You can think of the Cintrée, released in 1921, as the cuff version of the small, elegant Tank—elongated and relatively large in proportion, its thin size allows it to comfortably hug the wrist. Back in 2021, Cartier released a special, 100th-anniversary model in gold; this year, the maison dropped an even fancier version, dressed in platinum and featuring a ruby cabochon crown, as part of its Les Rééditions series ($38,500). Measuring 23mm by 46mm, you might think its dimensions are distinctly un-Cartier—however, a thickness of just 6.03, complete with an ultra-thin movement from fellow Richemont brand Jaeger-LeCoultre, means that it’ll wear like a charm. In fact, with its incredible eggshell dial, Breguet hands, and vintage typeface, you’d be forgiven for thinking it’s a century-old original.

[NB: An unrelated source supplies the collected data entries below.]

(* Let $Z_1,\ldots,Z_n$ be i.i.d. from a distribution $\mathcal{D}$ on a set $\mathbb{Z}$, let $\ell:\Theta\times\mathbb{Z}\to[0,\infty)$ be a loss function with risk $R(\theta)=\mathbb{E}_{Z\sim\mathcal{D}}\{\ell(\theta;Z)\}$ and risk minimizer $\theta^*=\arg\min_{\theta\in\Theta}R(\theta)$. Suppose the strong central condition holds with learning rate $\bar\omega>0$. Let the sample $S=(Z_1,\ldots,Z_n)$ be partitioned as $S=S_1\sqcup S_2$ into two sub-samples of sizes $n_1$ and $n_2$, let $\widehat\theta_{S_1}$ be any AERM computed on $S_1$, and for $\omega\ge0$ define the offline GUe-value $$G_{n,\mathrm{off}}(\theta)=\exp\bigl[-\omega\, n_2\{\widehat R_{S_2}(\widehat\theta_{S_1})-\widehat R_{S_2}(\theta)\}\bigr],$$ where $\widehat R_{S_2}(\theta)=n_2^{-1}\sum_{Z\in S_2}\ell(\theta;Z)$. If $\omega\in[0,\bar\omega)$, then $G_{n,\mathrm{off}}(\theta^* )$ is an e-value, i.e. $\mathbb{E}\{G_{n,\mathrm{off}}(\theta^* )\}\le 1$.
   Context: For a finite sub-sample $T$ of size $m$, $\widehat R_T(\theta)=m^{-1}\sum_{Z\in T}\ell(\theta;Z)$. For fixed constants $\varepsilon,\delta\ge0$, an $(\varepsilon,\delta)$-AERM on $T$ is an estimator $\widehat\theta_T$ (a measurable function of $T$) with $\widehat R_T(\widehat\theta_T)\le\inf_{\theta\in\Theta}\widehat R_T(\theta)+\delta/m^{1+\varepsilon}$; an AERM is an $(\varepsilon,\delta)$-AERM for some such constants. Strong central condition with learning rate $\bar\omega>0$: $\mathbb{E}_{Z\sim\mathcal{D}}\exp[-\omega\{\ell(\theta;Z)-\ell(\theta^*;Z)\}]\le1$ for all $\theta\in\Theta$ and all $\omega\in[0,\bar\omega)$. An e-value is a non-negative random variable with expectation at most 1. *)

From HB Require Import structures.
From mathcomp Require Import all_boot all_order all_algebra.
From mathcomp Require Import all_classical all_reals all_analysis.
Set Implicit Arguments. Unset Strict Implicit. Unset Printing Implicit Defensive.
Import Order.TTheory GRing.Theory Num.Theory.
Local Open Scope classical_set_scope.
Local Open Scope ring_scope.

Definition emp_risk (R : realType) (Theta Z : Type) (loss : Theta -> Z -> R)
  (m : nat) (T : m.-tuple Z) (theta : Theta) : R :=
  (m%:R)^-1 * \sum_(i < m) loss theta (tnth T i).

Definition is_AERM_eps_delta (R : realType) (Theta Z : Type)
  (loss : Theta -> Z -> R) (m : nat) (theta_hat : m.-tuple Z -> Theta)
  (eps delta : R) : Prop :=
  forall T : m.-tuple Z,
    ((emp_risk loss T (theta_hat T))%:E <=
     ereal_inf [set (emp_risk loss T th)%:E | th in [set: Theta]]
       + (delta / (m%:R `^ (1 + eps)))%:E)%E.

Definition is_AERM (R : realType) (Theta Z : Type)
  (loss : Theta -> Z -> R) (m : nat) (theta_hat : m.-tuple Z -> Theta) : Prop :=
  exists eps delta : R, 0 <= eps /\ 0 <= delta /\
    is_AERM_eps_delta loss theta_hat eps delta.

Definition risk d (R : realType) (Zs : measurableType d) (D : probability Zs R)
  (Theta : Type) (loss : Theta -> Zs -> R) (theta : Theta) : \bar R :=
  (\int[D]_z (loss theta z)%:E)%E.

Definition strong_central_condition d (R : realType) (Zs : measurableType d)
  (D : probability Zs R) (Theta : Type) (loss : Theta -> Zs -> R)
  (theta_star : Theta) (wbar : R) : Prop :=
  forall (theta : Theta) (w : R), 0 <= w -> w < wbar ->
    (\int[D]_z (expR (- w * (loss theta z - loss theta_star z)))%:E <= 1)%E.

Definition mutually_independent d d' (T : measurableType d) (R : realType)
  (P : probability T R) (Zs : measurableType d') (n : nat)
  (X : 'I_n -> T -> Zs) : Prop :=
  forall A : 'I_n -> set Zs, (forall i, measurable (A i)) ->
    P (\bigcap_i (X i @^-1` A i)) = (\prod_(i < n) P (X i @^-1` A i))%E.

Definition iid d d' (T : measurableType d) (R : realType)
  (P : probability T R) (Zs : measurableType d') (D : probability Zs R)
  (n : nat) (X : 'I_n -> T -> Zs) : Prop :=
  [/\ forall i, measurable_fun [set: T] (X i),
      forall i A, measurable A -> P (X i @^-1` A) = D A
    & mutually_independent P X].

Definition subsample d (T : measurableType d) (Zs : Type) (n m : nat)
  (X : 'I_n -> T -> Zs) (f : 'I_m -> 'I_n) (x : T) : m.-tuple Zs :=
  [tuple X (f j) x | j < m].

Definition G_off d (T : measurableType d) (R : realType) (Theta Zs : Type)
  (loss : Theta -> Zs -> R) (n n1 n2 : nat) (X : 'I_n -> T -> Zs)
  (f1 : 'I_n1 -> 'I_n) (f2 : 'I_n2 -> 'I_n)
  (theta_hat : n1.-tuple Zs -> Theta) (w : R) (theta : Theta) (x : T) : R :=
  let S1 := subsample X f1 x in
  let S2 := subsample X f2 x in
  expR (- w * (n2%:R * (emp_risk loss S2 (theta_hat S1) - emp_risk loss S2 theta))).

(* Conditionally on S1, the factors exp(-w (loss (theta_hat S1) z - loss
   theta* z)), z in S2, whose product is G_off(theta* ), are independent with
   conditional mean at most 1 by the strong central condition at theta =
   theta_hat S1. Conditional expectations are avoided by integrating the
   factors out one at a time: the j-th point of S2 is independent of the
   sample restricted to S1 and to the first j - 1 points of S2, which
   determines all earlier factors, so Fubini-Tonelli against the product of
   the two laws bounds the j-th factor by 1. That independence is proved on
   cylinder sets and extended to all measurable sets by uniqueness of finite
   measures agreeing on a pi-system. *)

From HB Require Import structures.
From mathcomp Require Import all_boot all_order all_algebra.
From mathcomp Require Import all_classical all_reals all_analysis.
From mathcomp Require Import measurable_realfun.
Import Order.TTheory GRing.Theory Num.Theory.
Local Open Scope classical_set_scope.
Local Open Scope ring_scope.

Section cylinder.
Context {dz} {Zs : measurableType dz} {n : nat}.

Definition cylinder : set (set (n.-tuple Zs)) :=
  [set [set t | forall k, A k (tnth t k)]
     | A in [set A | forall k, measurable (A k)]].

Lemma cylinderT : cylinder setT.
Proof. by exists (fun=> setT) => //; apply/seteqP; split. Qed.

Lemma cylinder_measurable : cylinder `<=` measurable.
Proof.
move=> _ [A mA <-].
have -> : [set t | forall k, A k (tnth t k)] =
    \bigcap_(k in [set: 'I_n]) ((@tnth n Zs)^~ k @^-1` A k).
  by apply/seteqP; split => t /= At k; [move=> _|]; apply: At.
apply: fin_bigcap_measurable => [|k _]; first exact: finite_finset.
by rewrite -[X in measurable X]setTI; exact: measurable_tnth.
Qed.

Lemma cylinder_setI : setI_closed cylinder.
Proof.
move=> _ _ [A mA <-] [B mB <-].
exists (fun k => A k `&` B k); first by move=> k; exact: measurableI.
by apply/seteqP; split => t /= => [AB|[At Bt] k]; [split => k; case: (AB k)|].
Qed.

Lemma measurable_g_sigma_cylinder : measurable `<=` <<s cylinder >>.
Proof.
apply: smallest_sub; first exact: smallest_sigma_algebra.
rewrite -bigcup_seq => _ [i _ [B mB <-]].
apply: sub_sigma_algebra.
exists (fun k => if k == i then B else setT) => [k|]; first by case: eqP.
apply/seteqP; split => t /=; first by move=> /(_ i); rewrite eqxx.
by move=> [_ Bt] k; case: eqP => // ->.
Qed.

Lemma measure_preimage_cylinder_unique {d} {T : measurableType d} {R : realType}
    {Y : T -> n.-tuple Zs} (mY : measurable_fun setT Y)
    (mu1 mu2 : {measure set T -> \bar R}) :
  (mu1 setT < +oo)%E ->
  (forall C, cylinder C -> mu1 (Y @^-1` C) = mu2 (Y @^-1` C)) ->
  forall A, measurable A -> mu1 (Y @^-1` A) = mu2 (Y @^-1` A).
Proof.
move=> mu1_fin mu12 A /measurable_g_sigma_cylinder.
apply: (@g_sigma_algebra_measure_unique _ _ _ cylinder cylinder_measurable
  (fun=> setT) (fun=> cylinderT) _ (pushforward mu1 Y) (pushforward mu2 Y)).
- by rewrite bigcup_const.
- exact: cylinder_setI.
- exact: mu12.
- by move=> _; exact: mu1_fin.
Qed.

End cylinder.

Section mask.
Context {d} {Omega : measurableType d} {dz} {Zs : measurableType dz} {n : nat}.

(* The sample with the coordinates outside [keep] overwritten by [point]: one
   random tuple carrying exactly the kept coordinates. *)
Definition mask (Z : 'I_n -> Omega -> Zs) (keep : pred 'I_n) (w : Omega) :
  n.-tuple Zs := [tuple if keep k then Z k w else point | k < n].

Lemma tnth_mask Z (keep : pred 'I_n) w k :
  keep k -> tnth (mask Z keep w) k = Z k w.
Proof. by rewrite tnth_mktuple => ->. Qed.

Lemma measurable_mask Z (keep : pred 'I_n) :
  (forall k, measurable_fun setT (Z k)) -> measurable_fun setT (mask Z keep).
Proof.
move=> mZ; apply/measurable_fun_tnthP => k.
rewrite (_ : _ \o _ = fun w => if keep k then Z k w else point); last first.
  by apply/funext => w; rewrite /= tnth_mktuple.
by case: (keep k).
Qed.

End mask.

Section iid_sample.
Local Open Scope ereal_scope.
Context {R : realType} {d} {Omega : measurableType d} {P : probability Omega R}.
Context {dz} {Zs : measurableType dz} {D : probability Zs R}.
Context {n : nat} {Z : 'I_n -> Omega -> Zs}.
Hypothesis Z_iid : iid P D Z.

Lemma iid_prod (A : 'I_n -> set Zs) : (forall k, measurable (A k)) ->
  P [set w | forall k, A k (Z k w)] = \prod_(k < n) D (A k).
Proof.
case: Z_iid => _ lawZ indepZ mA.
have -> : [set w | forall k, A k (Z k w)] = \bigcap_k (Z k @^-1` A k).
  by apply/seteqP; split => w /= Aw k; [move=> _|]; apply: Aw.
by rewrite indepZ //; apply: eq_bigr => k _; exact: lawZ.
Qed.

Lemma mask_cylinder_indep {keep i} {A : 'I_n -> set Zs} {B : set Zs} :
  ~~ keep i -> (forall k, measurable (A k)) -> measurable B ->
  P ([set w | forall k, A k (tnth (mask Z keep w) k)] `&` Z i @^-1` B) =
  D B * P [set w | forall k, A k (tnth (mask Z keep w) k)].
Proof.
move=> keep_i mA mB.
have -> : [set w | forall k, A k (tnth (mask Z keep w) k)] =
    [set w | forall k, A k (if keep k then Z k w else point)].
  by apply/seteqP; split => w Aw k; have := Aw k; rewrite tnth_mktuple.
have [Apoint|] := pselect (forall k, ~~ keep k -> A k point); last first.
  move=> /existsNP[k /not_implyP[/negbTE nkeep_k nAk]].
  have -> : [set w | forall k, A k (if keep k then Z k w else point)] = set0.
    by apply/seteqP; split => // w /(_ k); rewrite nkeep_k.
  by rewrite set0I !measure0 mule0.
pose A' k := if keep k then A k else setT.
have mA' k : measurable (A' k) by rewrite /A'; case: ifP.
have -> : [set w | forall k, A k (if keep k then Z k w else point)] =
    [set w | forall k, A' k (Z k w)].
  apply/seteqP; split => w Aw k; have := Aw k; rewrite /A'.
    by case: ifP.
  by case: ifPn => // /Apoint.
have -> : [set w | forall k, A' k (Z k w)] `&` Z i @^-1` B =
    [set w | forall k, (if k == i then B else A' k) (Z k w)].
  apply/seteqP; split => w /= => [[A'w Bw] k|ABw].
    by case: eqP => [->|_]; last exact: A'w.
  split; last by have := ABw i; rewrite eqxx.
  move=> k; have := ABw k.
  by case: eqP => [->|//]; rewrite /A' (negbTE keep_i).
rewrite (@iid_prod (fun k => if k == i then B else A' k)); last first.
  by move=> k; case: eqP.
rewrite iid_prod //.
rewrite [LHS](bigD1 i) // [in RHS](bigD1 i) //= eqxx /A' (negbTE keep_i).
rewrite probability_setT mul1e; congr (_ * _).
by apply: eq_bigr => k /negbTE ->.
Qed.

Lemma mask_indep {keep i} {A : set (n.-tuple Zs)} {B : set Zs} :
  ~~ keep i -> measurable A -> measurable B ->
  P (mask Z keep @^-1` A `&` Z i @^-1` B) = P (mask Z keep @^-1` A) * D B.
Proof.
move=> keep_i mA mB.
have [mZ _ _] := Z_iid.
have mE : measurable (Z i @^-1` B).
  by rewrite -[X in measurable X]setTI; exact: mZ.
have DB_ge0 : (0 <= fine (D B))%R by exact/fine_ge0/measure_ge0.
pose r : {nonneg R} := NngNum DB_ge0.
have DBE : D B = (r%:num)%:E by rewrite fineK // fin_num_measure.
rewrite DBE muleC.
apply: (measure_preimage_cylinder_unique (measurable_mask Z keep mZ)
  (mrestr P mE) (mscale r P)) => //.
- have mTE := measurableI _ _ measurableT mE.
  exact: le_lt_trans (probability_le1 P mTE) (ltry _).
- move=> _ [Ak mAk <-].
  by have := mask_cylinder_indep keep_i mAk mB; rewrite DBE.
Qed.

End iid_sample.

Section independent_pair.
Local Open Scope ereal_scope.
Context {R : realType} {d} {Omega : measurableType d} (P : probability Omega R).
Context {dy} {Ty : measurableType dy} {dz} {Zs : measurableType dz}.
Context (D : probability Zs R) {Y : Omega -> Ty} {X : Omega -> Zs}.
Hypotheses (mY : measurable_fun setT Y) (mX : measurable_fun setT X).
Hypothesis YX_indep : forall A B, measurable A -> measurable B ->
  P (Y @^-1` A `&` X @^-1` B) = P (Y @^-1` A) * D B.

Cartier Tank Cintrée Les Rééditions in Platinum
Unveiled in Cannes back in September, the new Blancpain Fifty Fathoms 70th Anniversary Act III celebrates seven decades of the Swiss brand’s famed dive watch. Upon its release in 1953, the original steel version arrived just as scuba diving was establishing itself as a recreational sport; these days, however, most divers use dive computers, and the automatic dive watch has become a mere accessory. Though it’s a fairly simple, time-only piece, the new Act III reimagines the Fifty Fathoms as an unabashed luxury item, housing it in 9K Bronze Gold, a special alloy containing 37.5 percent gold, 50 percent copper, and 12.5 percent silver, palladium, and gallium. Water resistant to a whopping 300m and featuring a 100-hour power reserve, it can still be used as a genuine tool, however—which should help justify a price of $32,000.